=== Begin Enclosure ===

(* psi'-obstacle for (G, K, C): psi' given by c : 'I_p -> Col (c i = psi'(v'_i)). *)
Definition obstacle (V Col : finType) (e : rel V) (p : nat) (K : 'I_p -> V)
  (q : nat) (k : 'I_q -> nat) (C : 'I_q -> {set Col})
  (c : 'I_p -> Col) (L : V -> {set Col}) : Prop :=
  [/\ lambdaC_assignment k C L,
      (forall i, c i \in L (K i)) /\ (forall i j, e (K i) (K j) -> c i != c j) &
      ~ exists f, L_colouring e L f /\ forall i, f (K i) = c i].

(* Glue onto H2, for every L-colouring psi of H2, a copy of H1 in which K is
   identified with the clique K_psi, and give that copy the lists L_psi.
   The result is a clique-sum of K_t-minor-free graphs, hence K_t-minor-free:
   in a K_t model either every branch set meets H2, or some branch set lies
   inside a single copy and then every branch set meets that copy; contracting
   each component outside H2 (resp. outside the copy) onto the clique it hangs
   from turns the model into one of H2 (resp. H1).  Cut down to the union of
   the C_i, the lists form a lambda-assignment; a colouring from them restricts
   to an L-colouring psi of H2 and to an extension of psi on K_psi to the copy
   of H1 with lists L_psi, which the obstacle L_psi forbids. *)

From mathcomp Require Import all_boot boolp.
Set Implicit Arguments. Unset Strict Implicit. Unset Printing Implicit Defensive.

Definition induced (T : finType) (r : rel T) (B : {set T}) : rel T :=
  [rel u v | [&& u \in B, v \in B & r u v]].
(* Let $\alpha=\alpha^m:[m]\to\mathbb N$ be a positional satisfaction function with $\alpha(1)\ge\alpha(2)\ge\dots\ge\alpha(m)$. Then for every instance of $\alpha$-SU-Monroe (with $K\le m$), Algorithm GM outputs a Monroe $K$-assignment $\Phi$ with $\ell_1^\alpha(\Phi)\ge(1-\frac1e)\cdot\mathrm{OPT}$, where $\mathrm{OPT}$ is the maximum of $\ell_1^\alpha$ over all Monroe $K$-assignments.
   Context: Agents $N=[n]$, alternatives $A=\{a_1,\dots,a_m\}$; each agent $i$ has a strict linear order on $A$, $\mathrm{pos}_i(a)$ the position of $a$ ($1$ = best). $\ell_1^\alpha(\Phi)=\sum_{i}\alpha(\mathrm{pos}_i(\Phi(i)))$, where an agent left unassigned (assigned the null alternative $\bot$) is treated as having $\mathrm{pos}_i(\bot)=m$. A Monroe $K$-assignment is $\Phi:N\to A$ with $|\Phi(N)|\le K$ and $|\Phi^{-1}(a)|\le\lceil n/K\rceil$ for all $a$. For $S\subseteq A$ with $|S|\le K$, $\Phi^S_\alpha$ is a partial assignment (each agent mapped to an element of $S$ or to $\bot$) with each $a\in S$ receiving at most $\lceil n/K\rceil$ agents, maximizing $\ell_1^\alpha$ among such partial assignments. Algorithm GM: set $S=\emptyset$; for $K$ iterations, choose $a\in A\setminus S$ maximizing $\ell_1^\alpha(\Phi^{S\cup\{a\}}_\alpha)$ and add it to $S$; output $\Phi^S_\alpha$. *)

From Stdlib Require Import Reals.
From mathcomp Require Import all_boot all_fingroup.

Set Implicit Arguments.
Unset Strict Implicit.
Unset Printing Implicit Defensive.

(* A preference profile assigns to every agent i a strict linear order on the
   alternatives, encoded as a permutation  pref i : {perm 'I_m}  with
   pref i a = (position of a in i's ranking) - 1 (0-based rank).
   pos_i(a) is the 1-based position; the null alternative bot gets position m. *)

Definition profile (n m : nat) := 'I_n -> {perm 'I_m}.

Definition pos (n m : nat) (P : profile n m) (i : 'I_n) (a : 'I_m) : nat :=
  (P i a).+1.

Definition opos (n m : nat) (P : profile n m) (i : 'I_n) (x : option 'I_m) : nat :=
  match x with Some a => pos P i a | None => m end.

Definition nonincreasing_on (m : nat) (alpha : nat -> nat) : Prop :=
  forall p q : nat, 1 <= p -> p <= q -> q <= m -> alpha q <= alpha p.

Definition ell (n m : nat) (alpha : nat -> nat) (P : profile n m)
    (Phi : {ffun 'I_n -> option 'I_m}) : nat :=
  \sum_(i < n) alpha (opos P i (Phi i)).

Definition ell_tot (n m : nat) (alpha : nat -> nat) (P : profile n m)
    (Phi : {ffun 'I_n -> 'I_m}) : nat :=
  \sum_(i < n) alpha (pos P i (Phi i)).

(* ceil(n / K) for K >= 1 *)
Definition cap (n K : nat) : nat := (n + K.-1) %/ K.

Definition monroe (n m K : nat) (Phi : {ffun 'I_n -> 'I_m}) : bool :=
  (#|[set Phi i | i in 'I_n]| <= K) &&
  [forall a : 'I_m, #|[set i | Phi i == a]| <= cap n K].

Definition partial_for (n m K : nat) (S : {set 'I_m})
    (Phi : {ffun 'I_n -> option 'I_m}) : bool :=
  [forall i : 'I_n, if Phi i is Some a then a \in S else true] &&
  [forall a : 'I_m, #|[set i | Phi i == Some a]| <= cap n K].

Definition best (n m K : nat) (alpha : nat -> nat) (P : profile n m)
    (S : {set 'I_m}) : nat :=
  \max_(Phi : {ffun 'I_n -> option 'I_m} | partial_for K S Phi) ell alpha P Phi.

Definition OPT (n m K : nat) (alpha : nat -> nat) (P : profile n m) : nat :=
  \max_(Phi : {ffun 'I_n -> 'I_m} | monroe K Phi) ell_tot alpha P Phi.

(* A run of Algorithm GM: s k is the alternative added in iteration k
   (k = 0..K-1); prefix_set s k = S before iteration k. *)
Definition prefix_set (m K : nat) (s : 'I_K -> 'I_m) (k : nat) : {set 'I_m} :=
  [set s j | j in [pred j : 'I_K | j < k]].

Definition GM_run (n m K : nat) (alpha : nat -> nat) (P : profile n m)
    (s : 'I_K -> 'I_m) : Prop :=
  forall k : 'I_K,
    s k \notin prefix_set s k /\
    (forall a : 'I_m, a \notin prefix_set s k ->
       best K alpha P (a |: prefix_set s k) <= best K alpha P (s k |: prefix_set s k)).

Definition one_minus_inv_e : R := Rminus 1 (Rinv (exp 1)).

From Stdlib Require Import Reals Lra.
From mathcomp Require Import all_boot all_fingroup.
From mathcomp Require Import zify.

Set Implicit Arguments.
Unset Strict Implicit.
Unset Printing Implicit Defensive.

(* The proof is
   the classical analysis of greedy maximization of a monotone submodular set
   function:
   - an exchange argument (sections Reassignment and Exchange) recombines an
     optimal assignment for X + a + b and one for X into feasible assignments
     for X + a and X + b of the same total value, which gives the local
     submodularity of best (best_local_submod);
   - for any monotone, locally submodular f, diminishing returns and the bound
     f(A u T) - f(A) <= sum_(t in T) (f(A + t) - f(A)) follow (Submodularity);
   - since OPT <= best(T) for some |T| <= K, each greedy step closes a 1/K
     fraction of the gap OPT - best(S) (greedy_step), whence the factor
     1 - (1 - 1/K)^K >= 1 - 1/e (Approximation);
   - finally, because alpha is nonincreasing and bot counts as position m,
     the optimal partial assignment for the K chosen alternatives can be
     completed, at no loss, into a Monroe K-assignment (Completion). *)

Section Reassignment.
Variables (I A : finType).
Implicit Types (F G : {ffun I -> option A}) (Sw : {set I}).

=== End Enclosure ===

Give the entries again exactly as they stand.

(* psi'-obstacle for (G, K, C): psi' given by c : 'I_p -> Col (c i = psi'(v'_i)). *)
Definition obstacle (V Col : finType) (e : rel V) (p : nat) (K : 'I_p -> V)
  (q : nat) (k : 'I_q -> nat) (C : 'I_q -> {set Col})
  (c : 'I_p -> Col) (L : V -> {set Col}) : Prop :=
  [/\ lambdaC_assignment k C L,
      (forall i, c i \in L (K i)) /\ (forall i j, e (K i) (K j) -> c i != c j) &
      ~ exists f, L_colouring e L f /\ forall i, f (K i) = c i].

(* Glue onto H2, for every L-colouring psi of H2, a copy of H1 in which K is
   identified with the clique K_psi, and give that copy the lists L_psi.
   The result is a clique-sum of K_t-minor-free graphs, hence K_t-minor-free:
   in a K_t model either every branch set meets H2, or some branch set lies
   inside a single copy and then every branch set meets that copy; contracting
   each component outside H2 (resp. outside the copy) onto the clique it hangs
   from turns the model into one of H2 (resp. H1).  Cut down to the union of
   the C_i, the lists form a lambda-assignment; a colouring from them restricts
   to an L-colouring psi of H2 and to an extension of psi on K_psi to the copy
   of H1 with lists L_psi, which the obstacle L_psi forbids. *)

From mathcomp Require Import all_boot boolp.
Set Implicit Arguments. Unset Strict Implicit. Unset Printing Implicit Defensive.

Definition induced (T : finType) (r : rel T) (B : {set T}) : rel T :=
  [rel u v | [&& u \in B, v \in B & r u v]].
(* Let $\alpha=\alpha^m:[m]\to\mathbb N$ be a positional satisfaction function with $\alpha(1)\ge\alpha(2)\ge\dots\ge\alpha(m)$. Then for every instance of $\alpha$-SU-Monroe (with $K\le m$), Algorithm GM outputs a Monroe $K$-assignment $\Phi$ with $\ell_1^\alpha(\Phi)\ge(1-\frac1e)\cdot\mathrm{OPT}$, where $\mathrm{OPT}$ is the maximum of $\ell_1^\alpha$ over all Monroe $K$-assignments.
   Context: Agents $N=[n]$, alternatives $A=\{a_1,\dots,a_m\}$; each agent $i$ has a strict linear order on $A$, $\mathrm{pos}_i(a)$ the position of $a$ ($1$ = best). $\ell_1^\alpha(\Phi)=\sum_{i}\alpha(\mathrm{pos}_i(\Phi(i)))$, where an agent left unassigned (assigned the null alternative $\bot$) is treated as having $\mathrm{pos}_i(\bot)=m$. A Monroe $K$-assignment is $\Phi:N\to A$ with $|\Phi(N)|\le K$ and $|\Phi^{-1}(a)|\le\lceil n/K\rceil$ for all $a$. For $S\subseteq A$ with $|S|\le K$, $\Phi^S_\alpha$ is a partial assignment (each agent mapped to an element of $S$ or to $\bot$) with each $a\in S$ receiving at most $\lceil n/K\rceil$ agents, maximizing $\ell_1^\alpha$ among such partial assignments. Algorithm GM: set $S=\emptyset$; for $K$ iterations, choose $a\in A\setminus S$ maximizing $\ell_1^\alpha(\Phi^{S\cup\{a\}}_\alpha)$ and add it to $S$; output $\Phi^S_\alpha$. *)

From Stdlib Require Import Reals.
From mathcomp Require Import all_boot all_fingroup.

Set Implicit Arguments.
Unset Strict Implicit.
Unset Printing Implicit Defensive.

(* A preference profile assigns to every agent i a strict linear order on the
   alternatives, encoded as a permutation  pref i : {perm 'I_m}  with
   pref i a = (position of a in i's ranking) - 1 (0-based rank).
   pos_i(a) is the 1-based position; the null alternative bot gets position m. *)

Definition profile (n m : nat) := 'I_n -> {perm 'I_m}.

Definition pos (n m : nat) (P : profile n m) (i : 'I_n) (a : 'I_m) : nat :=
  (P i a).+1.

Definition opos (n m : nat) (P : profile n m) (i : 'I_n) (x : option 'I_m) : nat :=
  match x with Some a => pos P i a | None => m end.

Definition nonincreasing_on (m : nat) (alpha : nat -> nat) : Prop :=
  forall p q : nat, 1 <= p -> p <= q -> q <= m -> alpha q <= alpha p.

Definition ell (n m : nat) (alpha : nat -> nat) (P : profile n m)
    (Phi : {ffun 'I_n -> option 'I_m}) : nat :=
  \sum_(i < n) alpha (opos P i (Phi i)).

Definition ell_tot (n m : nat) (alpha : nat -> nat) (P : profile n m)
    (Phi : {ffun 'I_n -> 'I_m}) : nat :=
  \sum_(i < n) alpha (pos P i (Phi i)).

(* ceil(n / K) for K >= 1 *)
Definition cap (n K : nat) : nat := (n + K.-1) %/ K.

Definition monroe (n m K : nat) (Phi : {ffun 'I_n -> 'I_m}) : bool :=
  (#|[set Phi i | i in 'I_n]| <= K) &&
  [forall a : 'I_m, #|[set i | Phi i == a]| <= cap n K].

Definition partial_for (n m K : nat) (S : {set 'I_m})
    (Phi : {ffun 'I_n -> option 'I_m}) : bool :=
  [forall i : 'I_n, if Phi i is Some a then a \in S else true] &&
  [forall a : 'I_m, #|[set i | Phi i == Some a]| <= cap n K].

Definition best (n m K : nat) (alpha : nat -> nat) (P : profile n m)
    (S : {set 'I_m}) : nat :=
  \max_(Phi : {ffun 'I_n -> option 'I_m} | partial_for K S Phi) ell alpha P Phi.

Definition OPT (n m K : nat) (alpha : nat -> nat) (P : profile n m) : nat :=
  \max_(Phi : {ffun 'I_n -> 'I_m} | monroe K Phi) ell_tot alpha P Phi.

(* A run of Algorithm GM: s k is the alternative added in iteration k
   (k = 0..K-1); prefix_set s k = S before iteration k. *)
Definition prefix_set (m K : nat) (s : 'I_K -> 'I_m) (k : nat) : {set 'I_m} :=
  [set s j | j in [pred j : 'I_K | j < k]].

Definition GM_run (n m K : nat) (alpha : nat -> nat) (P : profile n m)
    (s : 'I_K -> 'I_m) : Prop :=
  forall k : 'I_K,
    s k \notin prefix_set s k /\
    (forall a : 'I_m, a \notin prefix_set s k ->
       best K alpha P (a |: prefix_set s k) <= best K alpha P (s k |: prefix_set s k)).

Definition one_minus_inv_e : R := Rminus 1 (Rinv (exp 1)).

From Stdlib Require Import Reals Lra.
From mathcomp Require Import all_boot all_fingroup.
From mathcomp Require Import zify.

Set Implicit Arguments.
Unset Strict Implicit.
Unset Printing Implicit Defensive.

(* The proof is
   the classical analysis of greedy maximization of a monotone submodular set
   function:
   - an exchange argument (sections Reassignment and Exchange) recombines an
     optimal assignment for X + a + b and one for X into feasible assignments
     for X + a and X + b of the same total value, which gives the local
     submodularity of best (best_local_submod);
   - for any monotone, locally submodular f, diminishing returns and the bound
     f(A u T) - f(A) <= sum_(t in T) (f(A + t) - f(A)) follow (Submodularity);
   - since OPT <= best(T) for some |T| <= K, each greedy step closes a 1/K
     fraction of the gap OPT - best(S) (greedy_step), whence the factor
     1 - (1 - 1/K)^K >= 1 - 1/e (Approximation);
   - finally, because alpha is nonincreasing and bot counts as position m,
     the optimal partial assignment for the K chosen alternatives can be
     completed, at no loss, into a Monroe K-assignment (Completion). *)

Section Reassignment.
Variables (I A : finType).
Implicit Types (F G : {ffun I -> option A}) (Sw : {set I}).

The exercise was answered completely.